For a curve C of genus $2$ , both $\operatorname {\mathrm {Pic}}^0(C/k)/\langle -1\rangle $ and $\operatorname {\mathrm {Pic}}^1(C/k)/\langle \iota \rangle $ admit models as quartic Kummer surfaces that are projectively dual to each other. We review this construction below, starting from the latter since its equation arises most readily from the equation for C. In Proposition 2.4, we give a description of the Gauss map between the two. The ideas are largely classical (see, for instance, [Reference Hudson17], particularly the chapters related to Weddle’s surface) and to some degree described in [Reference Cassels and Flynn7, Chapters 4 and 5]. We include a relatively self-contained account here for the convenience of the reader.

We fix an affine model

$$\begin{align*}C\colon y^2=f(x)=f_6x^6+\cdots+f_0, \text{ where } f\in k[x] \text{ is square-free of degree }5\text{ or }6.\end{align*}$$

The pull-back of $x=\infty $ on the x-line to C yields a degree $2$ canonical divisor $\kappa $ . The divisor $3\kappa $ is very ample and provides a degree $6$ embedding $\tilde {C}$ in $\mathbb {P}^4$ with coordinates $(1:x:x^2:x^3:y)=(x_0:x_1:x_2:x_3:y_3)$ . The image is the base locus of a linear system $\tilde {\mathcal {Q}}$ spanned by the quadrics

$$\begin{align*}\begin{aligned} \tilde{Q}_1&= x_1^2-x_0x_2,\\ \tilde{Q}_2&= x_0x_3-x_1x_2,\\ \tilde{Q}_3&= x_2^2-x_1x_3,\\ \tilde{Q}_4&= f_0x_0^2+f_1x_0x_1+f_2x_1^2+f_3x_1x_2+f_4x_2^2+f_5x_2x_3+f_6x_3^2-y_3^2. \end{aligned} \end{align*}$$

The restriction to $y_3=0$ yields a linear system $\mathcal {Q}=\langle Q_1,Q_2,Q_3,Q_4\rangle $ of quadrics in $\mathbb {P}^3$ . The quadrics $Q_1,Q_2,Q_3$ define a rational normal curve L. Projection onto ${(x_0:\cdots :x_3)}$ expresses $\tilde {C}$ as a double cover of L, branched where $Q_4=0$ . It is a classical fact that the locus of singular quadrics in $\mathcal {Q}$ yields a Kummer quartic surface

$$\begin{align*}\mathcal{K}_C^\vee\colon G=\det(\eta_1Q_1+\eta_2Q_2+\eta_3Q_3+\eta_4Q_4)=0.\end{align*}$$

This particular surface has a distinguished trope $\eta _4=0$ .

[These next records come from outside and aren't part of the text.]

(* For real numbers $Q_1,Q_2,\dots$ let $A_n$ be the adjacency matrix of the path on $n$ vertices $1,2,\dots,n$, let $H_n = A_n + \mathrm{diag}(Q_1,\dots,Q_n)$ and $p_n = p_n(x;Q_1,\dots,Q_n) = \det(xI_n - H_n)$ (with $p_0 = 1$, $p_{-1}=0$). Let $L_{2n}$ be the characteristic polynomial of $A_{2n} + \mathrm{diag}(Q_1,\dots,Q_n,Q_n,\dots,Q_1)$ and $L_{2n+1}$ that of $A_{2n+1} + \mathrm{diag}(Q_1,\dots,Q_n,Q_{n+1},Q_n,\dots,Q_1)$. Then (1) $p_n(x;Q_1,\dots,Q_n) = (x-Q_n)\,p_{n-1}(x;Q_1,\dots,Q_{n-1}) - p_{n-2}(x;Q_1,\dots,Q_{n-2})$; (2) $L_{2n} = (p_n + p_{n-1})(p_n - p_{n-1})$; (3) $L_{2n+1} = p_n\,(p_{n+1} - p_{n-1})$, where $p_{n+1} = p_{n+1}(x;Q_1,\dots,Q_{n+1})$. Moreover, in each of the factorizations (2) and (3), the roots of the first factor are eigenvalues of the corresponding symmetric-potential path Hamiltonian with eigenvectors $f$ satisfying $f(1) = -f(N) \neq 0$, and the roots of the second factor are eigenvalues with eigenvectors $f$ satisfying $f(1) = f(N)\neq 0$, where $N\in\{2n,2n+1\}$ is the last vertex of the path.
   Context: Vertices of the path on $N$ vertices are labeled $1,\dots,N$ in order, so $1$ and $N$ are the endpoints. *)

From mathcomp Require Import all_boot all_order all_algebra.
Set Implicit Arguments. Unset Strict Implicit. Unset Printing Implicit Defensive.
Import Order.TTheory GRing.Theory Num.Theory.
Local Open Scope ring_scope.

Section PathDefs.
Variable R : realFieldType.

(* Adjacency matrix of the path on N vertices; vertex k (1-based) is the
   ordinal k-1. *)
Definition pathA (N : nat) : 'M[R]_N :=
  \matrix_(i, j) (if (i.+1 == j :> nat) || (j.+1 == i :> nat) then 1 else 0).

(* H = A_N + diag(V 1, ..., V N), V indexed from 1 (V 0 unused). *)
Definition pathH (N : nat) (V : nat -> R) : 'M[R]_N :=
  pathA N + diag_mx (\row_(i < N) V i.+1).

Definition p (n : nat) (Q : nat -> R) : {poly R} := char_poly (pathH n Q).

Definition pprev (n : nat) (Q : nat -> R) : {poly R} :=
  if n is k.+1 then p k Q else 0.

(* Symmetric potential on the path with N vertices: vertex k gets
   Q_(min k (N+1-k)), i.e. Q_1,...,Q_n,Q_n,...,Q_1 for N = 2n and
   Q_1,...,Q_n,Q_(n+1),Q_n,...,Q_1 for N = 2n+1. *)
Definition symQ (N : nat) (Q : nat -> R) (k : nat) : R := Q (minn k (N.+1 - k)).

Definition symH (N : nat) (Q : nat -> R) : 'M[R]_N := pathH N (symQ N Q).

Definition L (N : nat) (Q : nat -> R) : {poly R} := char_poly (symH N Q).

Definition eigvec_end (N : nat) (M : 'M[R]_N) (x : R) (s : R) (f : 'cV[R]_N) :=
  M *m f = x *: f /\
  exists (i1 iN : 'I_N), val i1 = 0%N /\ val iN = N.-1 /\
    f i1 0 != 0 /\ f i1 0 = s * f iN 0.

End PathDefs.

From mathcomp Require Import all_boot all_order all_algebra.
From mathcomp Require Import zify ring.
Set Implicit Arguments. Unset Strict Implicit. Unset Printing Implicit Defensive.
Import Order.TTheory GRing.Theory Num.Theory.
Local Open Scope ring_scope.

(* Expanding det(x - H_n) along its last row gives the recurrence (1), and
   everything else is derived from it.  Cutting the path after vertex m gives
   p_(m+k) = p_m p'_k - p_(m-1) p''_(k-1), with p' and p'' built on the shifted
   potentials, and reversing the potential leaves p unchanged; applied to the
   symmetric potential this yields the factorizations (2) and (3).
   For a root x of p_N, f(k) = p_(k-1)(x) is an eigenvector because it solves
   the eigenvalue recurrence with f(0) = f(N+1) = 0.  For a symmetric
   potential, k |-> s f(N+1-k) solves the same recurrence; the vanishing factor
   says precisely that it agrees with f at two consecutive middle vertices, so
   the two solutions coincide and f(N) = s f(1). *)

Lemma eq_three_term_recurrence (T : pzRingType) (c u v : nat -> T) m n :
  (forall k, (m <= k)%N -> (k.+2 <= n)%N -> u k.+2 = c k.+1 * u k.+1 - u k) ->
  (forall k, (m <= k)%N -> (k.+2 <= n)%N -> v k.+2 = c k.+1 * v k.+1 - v k) ->
  u m = v m -> u m.+1 = v m.+1 -> forall k, (m <= k <= n)%N -> u k = v k.
Proof.
move=> recu recv um um1; elim/ltn_ind=> k IH /andP[mk kn].
case: (ltngtP k m.+1) => [km | mk1 | ->] //; first by have -> : k = m by lia.
case: k IH mk kn mk1 => [|[|k]] IH mk kn mk1 //.
rewrite recu ?recv ?(IH k) ?(IH k.+1) //; apply/andP; lia.
Qed.

Section Tridiagonal.
Variables (T : comPzRingType) (t : nat -> nat -> T).
Hypothesis t_band : forall i j, (i.+2 <= j)%N || (j.+2 <= i)%N -> t i j = 0.

Local Notation M n := (\matrix_(i < n, j < n) t i j).

Lemma row'_col'_max_tridiag n :
  row' ord_max (col' ord_max (M n.+1)) = M n.
Proof. by apply/matrixP => i j; rewrite !mxE !lift_max. Qed.

Lemma det_tridiag n :
  \det (M n.+2) = t n.+1 n.+1 * \det (M n.+1) - t n.+1 n * t n n.+1 * \det (M n).
Proof.
have sign_double k : (-1) ^+ k.*2 = 1 :> T by rewrite -signr_odd odd_double.
rewrite (expand_det_row _ ord_max) !big_ord_recr /= big1 ?add0r => [|j _]; last first.
  by rewrite mxE t_band ?mul0r //=; have := ltn_ord j; lia.
rewrite /cofactor row'_col'_max_tridiag !mxE /=.
set minor := row' _ _.
(* Deleting the last row and column n leaves t n n.+1 alone in the last column. *)
have -> : \det minor = t n n.+1 * \det (M n).
  rewrite (expand_det_col _ ord_max) big_ord_recr /= big1 ?add0r => [|i _]; last first.
    by rewrite !mxE lift_max /= /bump leqnn t_band ?mul0r //=; have := ltn_ord i; lia.
  rewrite /cofactor !mxE lift_max /= /bump leqnn addnn sign_double mul1r.
  congr (_ * \det _); apply/matrixP => i j; rewrite !mxE !lift_max /=.
  have bump_j : bump n j = j by rewrite /bump leqNgt ltn_ord.
  by rewrite !bump_j.
by rewrite addSn exprS !addnn !sign_double; ring.
Qed.

End Tridiagonal.

Section PathHamiltonian.
Variable R : realFieldType.
Implicit Types V W : nat -> R.

Let path_entry V (i j : nat) : {poly R} :=
  if i == j then 'X - (V i.+1)%:P else if (i.+1 == j) || (j.+1 == i) then -1 else 0.

Lemma char_poly_mx_pathH N V :
  char_poly_mx (pathH N V) = \matrix_(i, j) path_entry V i j.
Proof.
apply/matrixP => i j; rewrite !mxE /path_entry -val_eqE /=.
case: eqP => [<-|ij]; first by rewrite mulr1n !(gtn_eqF (ltnSn _)) add0r.
by rewrite mulr0n addr0 sub0r; case: ifP; rewrite ?rmorph1 ?rmorph0 ?oppr0.
Qed.

Lemma p0 V : p 0 V = 1.
Proof. by rewrite /p /char_poly det_mx00. Qed.

Lemma pS n V : p n.+1 V = ('X - (V n.+1)%:P) * p n V - pprev n V.
Proof.
rewrite /p /char_poly char_poly_mx_pathH.
case: n => [|n]; first by rewrite det_mx11 det_mx00 mxE mulr1 subr0.
rewrite det_tridiag => [|i j]; last first.
  by rewrite /path_entry => /orP[] ij; rewrite ifF ?ifF //; apply/negbTE; lia.
rewrite /= -!char_poly_mx_pathH /path_entry !eqxx (gtn_eqF (ltnSn n)) (ltn_eqF (ltnSn n)).
by rewrite orbT mulrNN !mul1r.
Qed.

Lemma eq_pprev n V W :
  (forall i, (0 < i < n)%N -> V i = W i) -> pprev n V = pprev n W.
Proof.
move=> eqVW.
apply: (@eq_three_term_recurrence _ (fun k => 'X - (V k)%:P)
  (fun k => pprev k V) (fun k => pprev k W) 0 n _ _ _ _ n) => //.
- by move=> k _ _; apply: pS.
- by move=> k _ kn; rewrite /= pS eqVW //; lia.
- by rewrite /= !p0.
- by rewrite leqnn.
Qed.

Lemma eq_p n V W : (forall i, (0 < i <= n)%N -> V i = W i) -> p n V = p n W.
Proof. by move=> eqVW; apply: (eq_pprev (n := n.+1)). Qed.

Lemma p_addn m k V :
  p (m + k) V = p m V * p k (fun i => V (m + i)%N)
                - pprev m V * pprev k (fun i => V (m.+1 + i)%N).
Proof.
set W1 := fun i => _; set W2 := fun i => _.
apply: (@eq_three_term_recurrence _ (fun j => 'X - (V (m + j.+1)%N)%:P)
  (fun j => p (m + j) V) (fun j => p m V * p j W1 - pprev m V * pprev j W2) 0 k _ _ _ _ k) => //.
- by move=> j _ _; rewrite !addnS pS.
- by move=> j _ _; rewrite /= (pS j.+1 W1) (pS j W2) /W2 addSnnS /=; ring.
- by rewrite /= addn0 p0 mulr1 mulr0 subr0.
- by rewrite /= (pS 0 W1) !p0 /W1 /= addn1 pS; ring.
- by rewrite leqnn.
Qed.

Lemma p_rev n V W :
  (forall i, (0 < i <= n)%N -> W i = V (n.+1 - i)%N) -> p n W = p n V.
Proof.
elim/ltn_ind: n V W => -[|[|n]] IH V W revW; rewrite ?p0 //.
  by rewrite !pS !p0 revW.
rewrite [LHS]pS (_ : p n.+2 V = p (1 + n.+1) V) // p_addn [p 1 V]pS /= p0.
rewrite (IH n.+1 _ (fun i => V (1 + i)%N)) // => [|i i_n]; last first.
  by rewrite revW; [congr V|]; lia.
rewrite (IH n _ (fun i => V (2 + i)%N)) // => [|i i_n]; last first.
  by rewrite revW; [congr V|]; lia.
rewrite revW ?subSnn ?leqnn //; ring.
Qed.

Lemma pathH_mul_col N V (h : nat -> R) : h 0%N = 0 -> h N.+1 = 0 ->
  pathH N V *m \col_(i < N) h i.+1 = \col_(i < N) (h i + h i.+2 + V i.+1 * h i.+1).
Proof.
move=> h0 hN; apply/matrixP => i z; rewrite ord1 /pathH mulmxDl mul_diag_mx !mxE.
congr (_ + _); rewrite (eq_bigr (fun j : 'I_N => (if j == i.+1 :> nat then h j.+1 else 0)
                                         + (if j.+1 == i :> nat then h j.+1 else 0))); last first.
  move=> j _; rewrite !mxE (eq_sym i.+1).
  case: eqP => [ji|_]; case: eqP => [ij|_] /=; rewrite ?mul1r ?mul0r ?addr0 ?add0r //.
  lia.
rewrite big_split -!big_mkcond /= (big_ord1_eq _ (fun j => h j.+1)) [RHS]addrC.
congr (_ + _).
  case: (ltnP i.+1 N) => // iN; have -> : i.+2 = N.+1 by have := ltn_ord i; lia.
  by rewrite hN.
case: (nat_of_ord i) (ltn_ord i) => [|i'] iN; first by rewrite big_pred0.
rewrite (eq_bigl (fun j : 'I_N => j == i' :> nat)) // (big_ord1_eq _ (fun j => h j.+1)).
by rewrite ltnW.
Qed.

Lemma pathH_eigvec N V x : root (p N V) x ->
  pathH N V *m \col_(i < N) (p i V).[x] = x *: \col_(i < N) (p i V).[x].
Proof.
move=> /rootP pNx; have /= -> := pathH_mul_col V (h := fun k => (pprev k V).[x]) (horner0 x) pNx.
by apply/matrixP => i z; rewrite !mxE pS hornerD hornerN hornerM hornerXsubC; ring.
Qed.

Lemma pprev_last_reflect N V x s m : s * s = 1 ->
    (forall k, (0 < k <= N)%N -> V (N.+1 - k)%N = V k) -> (m <= N)%N ->
    (pprev m V).[x] = s * (pprev (N.+1 - m) V).[x] ->
    (pprev m.+1 V).[x] = s * (pprev (N - m) V).[x] ->
  (pprev N V).[x] = s.
Proof.
move=> ss symV mN um um1; pose u k := (pprev k V).[x]; pose w k := s * u (N.+1 - k)%N.
have u_rec k : u k.+2 = (x - V k.+1) * u k.+1 - u k.
  by rewrite /u /= pS hornerD hornerN hornerM hornerXsubC.
have w_rec k : (k.+2 <= N)%N -> w k.+2 = (x - V k.+1) * w k.+1 - w k.
  move=> kN; rewrite /w.
  have -> : (N.+1 - k = (N.+1 - k.+2).+2)%N by lia.
  have Ek1 : (N.+1 - k.+1 = (N.+1 - k.+2).+1)%N by lia.
  rewrite Ek1 u_rec -Ek1 symV; [ring | lia].
have : u N = w N.
  apply: (@eq_three_term_recurrence _ (fun k => x - V k) u w m N) => //.
  - by move=> k _; apply: w_rec.
  - by rewrite mN leqnn.
by rewrite /w subSnn /u /= p0 hornerC mulr1.
Qed.

Lemma sym_pathH_eigvec_end N V x s m : (0 < N)%N -> s * s = 1 ->
    (forall k, (0 < k <= N)%N -> V (N.+1 - k)%N = V k) -> (m <= N)%N ->
    root (p N V) x ->
    (pprev m V).[x] = s * (pprev (N.+1 - m) V).[x] ->
    (pprev m.+1 V).[x] = s * (pprev (N - m) V).[x] ->
  exists f, eigvec_end (pathH N V) x s f.
Proof.
move=> N_gt0 ss symV mN pNx um um1.
exists (\col_(i < N) (p i V).[x]); split; first exact: pathH_eigvec.
have lastN : (N.-1 < N)%N by rewrite ltn_predL.
exists (Ordinal N_gt0), (Ordinal lastN); rewrite !mxE /= p0 hornerC.
do 2!split=> //; split; first exact: oner_neq0.
have pprevN : pprev N V = p N.-1 V by rewrite -[in LHS](prednK N_gt0).
by rewrite -pprevN (pprev_last_reflect ss symV mN um um1) ss.
Qed.

End PathHamiltonian.

Section SymmetricPotential.
Variables (R : realFieldType) (Q : nat -> R).

Lemma L_double n : L n.*2 Q = (p n Q + pprev n Q) * (p n Q - pprev n Q).
Proof.
have -> : L n.*2 Q = p (n + n) (symQ n.*2 Q) by rewrite addnn.
rewrite p_addn (@eq_p _ n _ Q) => [|i i_n]; last by rewrite /symQ; congr Q; lia.
rewrite (@eq_pprev _ n _ Q) => [|i i_n]; last by rewrite /symQ; congr Q; lia.
rewrite (@p_rev _ n Q) => [|i i_n]; last by rewrite /symQ; congr Q; lia.
have -> : pprev n (fun i => symQ n.*2 Q (n.+1 + i)) = pprev n Q.
  by case: n => [//|n]; apply: p_rev => i i_n; rewrite /symQ; congr Q; lia.
ring.
Qed.

Lemma L_double_succ n : L n.*2.+1 Q = p n Q * (p n.+1 Q - pprev n Q).
Proof.
have -> : L n.*2.+1 Q = p (n + n.+1) (symQ n.*2.+1 Q) by rewrite addnS addnn.
rewrite p_addn (@eq_p _ n _ Q) => [|i i_n]; last by rewrite /symQ; congr Q; lia.
rewrite (@eq_pprev _ n _ Q) => [|i i_n]; last by rewrite /symQ; congr Q; lia.
rewrite (@p_rev _ n.+1 Q) => [|i i_n]; last by rewrite /symQ; congr Q; lia.
rewrite /= (@p_rev _ n Q) => [|i i_n]; last by rewrite /symQ; congr Q; lia.
ring.
Qed.

Lemma symQ_reflect N k : (k <= N.+1)%N -> symQ N Q (N.+1 - k)%N = symQ N Q k.
Proof. by move=> kN; rewrite /symQ; congr Q; lia. Qed.

Lemma symH_double_eigvec n x s : s * s = 1 -> root (L n.*2 Q) x ->
  (p n Q).[x] = s * (pprev n Q).[x] -> exists f, eigvec_end (symH n.*2 Q) x s f.
Proof.
case: n => [|n] ss Lx pQx.
  by move: pQx; rewrite p0 hornerC horner0 mulr0 => /eqP; rewrite oner_eq0.
have eqS k : (k <= n.+2)%N -> pprev k (symQ n.+1.*2 Q) = pprev k Q.
  by move=> kn; apply: eq_pprev => i i_k; rewrite /symQ; congr Q; lia.
apply: (@sym_pathH_eigvec_end _ _ _ _ _ n.+1) => //; try lia.
- by move=> k /andP[_ kN]; apply: symQ_reflect; lia.
- have -> : (n.+1.*2.+1 - n.+1 = n.+2)%N by lia.
  by rewrite !eqS //= pQx mulrA ss mul1r.
- have -> : (n.+1.*2 - n.+1 = n.+1)%N by lia.
  by rewrite !eqS.
Qed.

Lemma symH_double_succ_eigvec n x s : s * s = 1 -> root (L n.*2.+1 Q) x ->
    (p n Q).[x] = s * (p n Q).[x] -> (pprev n Q).[x] = s * (p n.+1 Q).[x] ->
  exists f, eigvec_end (symH n.*2.+1 Q) x s f.
Proof.
move=> ss Lx pQx pprevQx.
have eqS k : (k <= n.+2)%N -> pprev k (symQ n.*2.+1 Q) = pprev k Q.
  by move=> kn; apply: eq_pprev => i i_k; rewrite /symQ; congr Q; lia.
apply: (@sym_pathH_eigvec_end _ _ _ _ _ n) => //; try lia.
- by move=> k /andP[_ kN]; apply: symQ_reflect; lia.
- have -> : (n.*2.+2 - n = n.+2)%N by lia.
  by rewrite !eqS //; lia.
- have -> : (n.*2.+1 - n = n.+1)%N by lia.
  by rewrite !eqS //; lia.
Qed.

End SymmetricPotential.

Theorem lemma2 (R : realFieldType) (Q : nat -> R) :
  (* (1) three-term recurrence, with p_0 = 1 and p_{-1} = 0 *)
  (p 0 Q = 1 /\
   (forall n : nat, (0 < n)%N ->
      p n Q = ('X - (Q n)%:P) * pprev n Q - pprev (n.-1) Q)) /\
  (* (2) even case *)
  (forall n : nat,
     L n.*2 Q = (p n Q + pprev n Q) * (p n Q - pprev n Q) /\
     (forall x : R, root (p n Q + pprev n Q) x ->
        exists f : 'cV[R]_(n.*2), eigvec_end (symH n.*2 Q) x (-1) f) /\
     (forall x : R, root (p n Q - pprev n Q) x ->
        exists f : 'cV[R]_(n.*2), eigvec_end (symH n.*2 Q) x 1 f)) /\
  (* (3) odd case *)
  (forall n : nat,
     L n.*2.+1 Q = p n Q * (p n.+1 Q - pprev n Q) /\
     (forall x : R, root (p n Q) x ->
        exists f : 'cV[R]_(n.*2.+1), eigvec_end (symH n.*2.+1 Q) x (-1) f) /\
     (forall x : R, root (p n.+1 Q - pprev n Q) x ->
        exists f : 'cV[R]_(n.*2.+1), eigvec_end (symH n.*2.+1 Q) x 1 f)).
Proof.
have sqrN1 : (-1) * (-1) = 1 :> R by rewrite mulrNN mulr1.
split; first by split=> [|[//|n] _]; [exact: p0 | exact: pS].
split=> n.
  split; first exact: L_double.
  split=> x rx.
  - apply: symH_double_eigvec sqrN1 _ _; first by rewrite L_double rootM rx.
    by move/rootP: rx; rewrite hornerD mulN1r => /eqP; rewrite addr_eq0 => /eqP.
  - apply: symH_double_eigvec (mulr1 1) _ _; first by rewrite L_double rootM rx orbT.
    by move/rootP: rx; rewrite hornerD hornerN mul1r => /eqP; rewrite subr_eq0 => /eqP.
split; first exact: L_double_succ.
split=> x rx.
- have /rootP px := rx.
  apply: symH_double_succ_eigvec sqrN1 _ _ _; first by rewrite L_double_succ rootM rx.
  + by rewrite px mulr0.
  + by rewrite pS hornerD hornerN hornerM px mulr0 sub0r mulN1r opprK.
- apply: symH_double_succ_eigvec (mulr1 1) _ _ _.
  + by rewrite L_double_succ rootM rx orbT.
  + by rewrite mul1r.
  + by move/rootP: rx; rewrite hornerD hornerN mul1r => /eqP; rewrite subr_eq0 => /eqP.
Qed.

We consider its ambient space as dual to $\mathbb {P}^3$ , with dual coordinates ${(\xi _1:\cdots :\xi _4)}$ . Under the Gauss map $\gamma \colon (\mathbb {P}^3)^\vee \dashrightarrow \mathbb {P}^3$ defined by $p\mapsto \nabla _p(G)$ , we have that ${\mathcal {K}_C=\gamma (\mathcal {K}_C^\vee )}$ is again a quartic Kummer surface with $16$ nodal singularities. The distinguished trope on $\mathcal {K}_C^\vee $ corresponds to the distinguished singularity $(0:0:0:1)$ on $\mathcal {K}_C$ . This surface is isomorphic to the Kummer surface $\operatorname {\mathrm {Jac}}(C)/\langle -1\rangle $ .

Note that by Riemann–Roch, any degree $3$ divisor class $\mathfrak {d}\in \operatorname {\mathrm {Pic}}^3(C)$ is represented by a one-dimensional linear system of effective divisors on C. The hyperelliptic involution $\iota \colon C\to C$ corresponding to $(x,y)\mapsto (x,-y)$ induces an involution ${\mathfrak {d}\mapsto 3\kappa -\mathfrak {d}}$ on $\operatorname {\mathrm {Pic}}^3(C)$ .

Proposition 2.2 With the notation above, we have a Galois-covariant bijection

$$\begin{align*}\operatorname{\mathrm{Pic}}^3(C/k^{\mathrm{sep}})/\langle \iota \rangle\to \mathcal{K}_C^\vee(k^{\mathrm{sep}});\quad \{D,\iota D\}\mapsto Q_D.\end{align*}$$

Under this bijection, the plane section with $\eta _4=0$ corresponds to the image of divisor classes represented by $p+\kappa $ , with p a degree $1$ point on C.

Proof Any degree $3$ divisor class $\mathfrak {d}$ admits an effective divisor D with separated support. This support spans a plane $V_D$ . Furthermore, since $D+\iota D$ is linearly equivalent to $3\kappa $ , we see that $V_D\cup V_{\iota D}$ spans a hyperplane that intersects $\tilde {C}$ in $D+\iota D$ .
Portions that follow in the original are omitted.